Gezi Direnişi sırasında Eskişehir’de, polislerin ve bazı esnafların saldırısı sonucu sokak ortasında linç edilerek katledilen Ali İsmail Korkmaz’ın aramızdan ayrılışının üzerinden 12 yıl geçti. Henüz 19 yaşında bir üniversite öğrencisiyken öldürülen Ali İsmail, 10 Temmuz 2013’te yaşamını yitirmişti. Aradan geçen yıllara rağmen unutulmayan Korkmaz, adına kurulan Ali İsmail Korkmaz Vakfı tarafından düzenlenen anma programıyla bir kez daha anılacak.

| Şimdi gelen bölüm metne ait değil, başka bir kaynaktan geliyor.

Lemma lpnorm2_r0 (p a : R) : 0 < p -> 0 <= a -> lpnorm2 p a 0 = a.
Proof. by move=> p_gt0 a_ge0; rewrite /lpnorm2 powR0 ?gt_eqF // addr0 powRK. Qed.

Lemma lpnorm2_0r (p b : R) : 0 < p -> 0 <= b -> lpnorm2 p 0 b = b.
Proof. by move=> p_gt0 b_ge0; rewrite /lpnorm2 powR0 ?gt_eqF // add0r powRK. Qed.

(* [a^p = a * a^(p-1) <= a * (a+b)^(p-1)], and likewise for [b]. *)
Lemma lpnorm2_le_add (p a b : R) : 1 <= p -> 0 <= a -> 0 <= b ->
  lpnorm2 p a b <= a + b.
Proof.
move=> p_ge1 a_ge0 b_ge0; have p_gt0 : 0 < p by apply: lt_le_trans p_ge1.
have ab_ge0 := addr_ge0 a_ge0 b_ge0.
have le_ab c : 0 <= c <= a + b -> c `^ p <= c * (a + b) `^ (p - 1).
  case/andP=> c_ge0 c_le; rewrite -mulr_powRB1 // ler_wpM2l //.
  by apply: ge0_ler_powR; rewrite ?subr_ge0 ?nnegrE.
rewrite -[leRHS](powRK p_gt0 ab_ge0); apply: ge0_ler_powR;
  rewrite ?invr_ge0 ?(ltW p_gt0) ?nnegrE ?addr_ge0 ?powR_ge0 //.
rewrite -[leRHS](mulr_powRB1 ab_ge0 p_gt0) mulrDl.
by rewrite lerD // le_ab ?lerDl ?lerDr ?a_ge0 ?b_ge0.
Qed.

Lemma lpnorm2_ge_l (p a b : R) : 0 < p -> 0 <= a -> 0 <= b -> a <= lpnorm2 p a b.
Proof.
move=> p_gt0 a_ge0 b_ge0; rewrite -[leLHS](lpnorm2_r0 p_gt0 a_ge0).
by rewrite ler_lpnorm2 ?a_ge0 ?lexx ?b_ge0.
Qed.

(* Midpoint convexity of [t^r] at [1] and [al] gives [2 (1+al)^r <= 2^r (1 + al^r)]. *)
Lemma lpnorm2_shift_bound (r al be c : R) : 1 <= r -> 0 <= al -> 0 <= be ->
  0 <= c -> lpnorm2 r al be = 1 -> c * 2 <= lpnorm2 r (1 + al) be ->
  be `^ r * (2 `^ r - 2) <= 2 * 2 `^ r * (1 - c `^ r).
Proof.
move=> r_ge1 al_ge0 be_ge0 c_ge0 unit shift; have r_gt0 := lt_le_trans ltr01 r_ge1.
have sum1 : al `^ r + be `^ r = 1 by rewrite -lpnorm2_powR // unit powR1.
have cvx := powR_convex_mid r_ge1 ler01 al_ge0; rewrite powR1 in cvx.
have : (c * 2) `^ r <= (1 + al) `^ r + be `^ r.
  rewrite -lpnorm2_powR //; apply: ge0_ler_powR => //;
    by rewrite ?nnegrE ?(ltW r_gt0) ?lpnorm2_ge0 ?mulr_ge0.
rewrite powRM // => le_shift; clear unit shift.
have := congr1 (fun t => 2 `^ r * t) sum1; rewrite /= mulrDr mulr1 => sumP.
lra.
Qed.

(* Strict convexity of l_r^2 at [(1, 0)]: a unit vector [(al, be)] such that
   [(1 + al, be)] has norm close to [2] is close to [(1, 0)]. *)
Lemma exists_lpnorm2_near_e1 (r eps : R) : 1 < r -> 0 < eps < 1 ->
  exists2 c, 0 <= c < 1 & forall al be, 0 <= al -> 0 <= be ->
    lpnorm2 r al be = 1 -> c * 2 <= lpnorm2 r (1 + al) be ->
    1 - eps <= c - be - (1 - al).
Proof.
move=> r_gt1 /andP[eps_gt0 eps_lt1]; have r_gt0 := lt_trans ltr01 r_gt1.
set d := eps / 4; have d_gt0 : 0 < d by rewrite divr_gt0.
have d_le1 : d <= 1 by rewrite /d; lra.
have K_gt0 : 0 < 2 `^ r - 2 by rewrite subr_gt0 lt1r_powR ?ltr1n.
have P_gt0 : 0 < 2 * 2 `^ r by rewrite mulr_gt0 ?powR_gt0.
set m := Num.min (eps / 2) (d `^ r * (2 `^ r - 2) / (2 * 2 `^ r)).
have m_gt0 : 0 < m by rewrite lt_min !divr_gt0 ?mulr_gt0 ?powR_gt0.
have m_le : m <= eps / 2 by rewrite ge_min lexx.
have mK : 2 * 2 `^ r * m <= d `^ r * (2 `^ r - 2).
  by rewrite -ler_pdivlMl // mulrC ge_min lexx orbT.
have m'_gt0 : 0 < 1 - m by lra.
have c_ge : 1 - m <= (1 - m) `^ r^-1.
  by rewrite ger1_powR ?invf_le1 ?(ltW r_gt1) // m'_gt0 gerBl ltW.
exists ((1 - m) `^ r^-1).
  rewrite powR_ge0 /=; have := @gt0_ltr_powR R r^-1 _ (1 - m) 1.
  by rewrite powR1 invr_gt0 !nnegrE; apply; lra.
move=> al be al_ge0 be_ge0 unit shift.
have := lpnorm2_shift_bound (ltW r_gt1) al_ge0 be_ge0 (powR_ge0 _ _) unit shift.
rewrite powRVK ?(ltW m'_gt0) //.
rewrite opprB addrCA subrr addr0 => beK.
have be_r : be `^ r <= d `^ r.
  by rewrite -(ler_pM2r K_gt0); apply: le_trans beK mK.
have be_le : be <= d.
  rewrite leNgt; apply/negP => /(gt0_ltr_powR r_gt0); rewrite !nnegrE.
  by move=> /(_ (ltW d_gt0) be_ge0); rewrite ltNge be_r.
have al_le1 : al <= 1 by rewrite -unit lpnorm2_ge_l.
have sum1 : al `^ r + be `^ r = 1 by rewrite -lpnorm2_powR // unit powR1.
have d_r : d `^ r <= d by rewrite powR_le_id ?(ltW d_gt0) ?d_le1 ?(ltW r_gt1).
have al_r : al `^ r <= al by rewrite powR_le_id ?al_ge0 ?al_le1 ?(ltW r_gt1).
clear unit shift beK mK; rewrite /d in be_le d_r; lra.
Qed.

End lpnorm2.

Section normed.
Variables (R : realType) (X : normedModType R).

Lemma lower_bound_scale (x u : X) (c al : R) : c <= 1 -> 0 <= al ->
  (forall s : R, c * (`|s| * `|x| + 1) <= `|s *: x + u|) ->
  forall s : R, c * (`|s| * `|x| + al) <= `|s *: x + al *: u|.
Proof.
move=> c_le1 al_ge0 bound s; have [->|al_neq0] := eqVneq al 0.
  rewrite scale0r !addr0 normrZ -[leRHS]mul1r ler_wpM2r ?mulr_ge0 //.
have al_gt0 : 0 < al by rewrite lt0r al_neq0.
have -> : s *: x + al *: u = al *: ((s / al) *: x + u).
  by rewrite scalerDr scalerA mulrCA mulfV // mulr1.
rewrite normrZ ger0_norm //; apply: le_trans (ler_wpM2l al_ge0 (bound _)).
rewrite normrM normfV (ger0_norm al_ge0).
by rewrite [leRHS](_ : _ = c * (`|s| * `|x| + al)) //; field.
Qed.

(* For [|s| |x| < 1], compare with the point [s1] of the same sign and [|s1| |x| = 1]. *)
Lemma lower_bound_extend (x u : X) (c : R) : x != 0 -> c <= 1 ->
  (forall s : R, 1 <= `|s| * `|x| -> c * (`|s| * `|x| + 1) <= `|s *: x + u|) ->
  forall s : R, c * (`|s| * `|x| + 1) - (1 - c) <= `|s *: x + u|.
Proof.
move=> x_neq0 c_le1 bound s; have a_gt0 : 0 < `|x| by rewrite normr_gt0.
set a := `|x| in a_gt0 bound *; set t := `|s| * a.
have [t_ge1|t_lt1] := leP 1 t.
  by apply: le_trans (bound s t_ge1); rewrite lerBlDr lerDl subr_ge0.
set sg : R := (-1) ^+ (s < 0)%R.
have sgE : s = sg * `|s| := numEsign s.
have s1_far : 1 <= `|sg / a| * a.
  by rewrite normrM normr_sign mul1r normfV (gtr0_norm a_gt0) mulVf ?gt_eqF.
have -> : s *: x + u = (sg / a *: x + u) + (s - sg / a) *: x.
  by rewrite scalerBl addrAC addrCA subrr addr0.
apply: le_trans (lerB_normD _ _); rewrite normrZ -/a.
have -> : `|s - sg / a| * a = 1 - t.
  rewrite {1}sgE -mulrBr normrM normr_sign mul1r distrC ger0_norm; last first.
    by rewrite subr_ge0 -(ler_pM2r a_gt0) mulVf ?gt_eqF // ltW.
  by rewrite mulrBl mulVf ?gt_eqF.
have := bound _ s1_far; rewrite normrM normr_sign mul1r normfV (gtr0_norm a_gt0).
rewrite mulVf ?gt_eqF // => b1.
have t_ge0 : 0 <= t := mulr_ge0 (normr_ge0 s) (ltW a_gt0).
nra.
Qed.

Özetimizi burada toparlıyoruz. İktidar, ülkeyi Batılı emperyalistlere daha çok peşkeş çekerek, emperyalizme yaranmada bir kez daha öne geçti. Batılı emperyalistlere yaslanmaya çalışan muhalefet, bunun zararını görmeye devam ediyor. Suriye ve İran’daki gelişmelerin ardından emperyalizmin gözdesi olan AKP, muhalefete karşı saldırılarını serbestçe yürütme olanağı buluyor. ABD, Suriye’de dönemsel çıkarları gereği Colani’yi tercih etmiş görünüyor. Erdoğan’ın Türkiye’yi NATO’dan uzaklaştırdığını söyleyerek Batılı güçlere yaranmaya çalışan CHP, bir kez daha yüzüstü bırakıldı. Benzer bir durum, Kürt hareketinin de başına geliyor. Önümüzdeki dönemde ABD bu güçleri birbirine karşı kullanmayı sürdürecektir. Taraflar kendi grupsal çıkarları doğrultusunda emperyalizme yaklaştıkça kaybeden daima halk olmaktadır. PKK ile barışma süreci bütün risklerine rağmen yararlı sonuçlar doğurabilir. Kürt halkının ulusal demokratik özgürlüklerinin tanınması mücadelenin lehinedir. Dahası, CHP’nin önayak olduğu gösteriler, Türkiye’de önemli bir direniş havasının gelişmesine katkı sağladı. Demokrasi ve özgürlük mücadelesi, esas emperyalizmin güdümünden bağımsızlaştıkça gelişecektir. Halkımız, kendi kendisini kurtaracak potansiyele sahiptir. Bu yöndeki öncü bilinç ve irade, anti-emperyalist Türkiye solunda mevcuttur.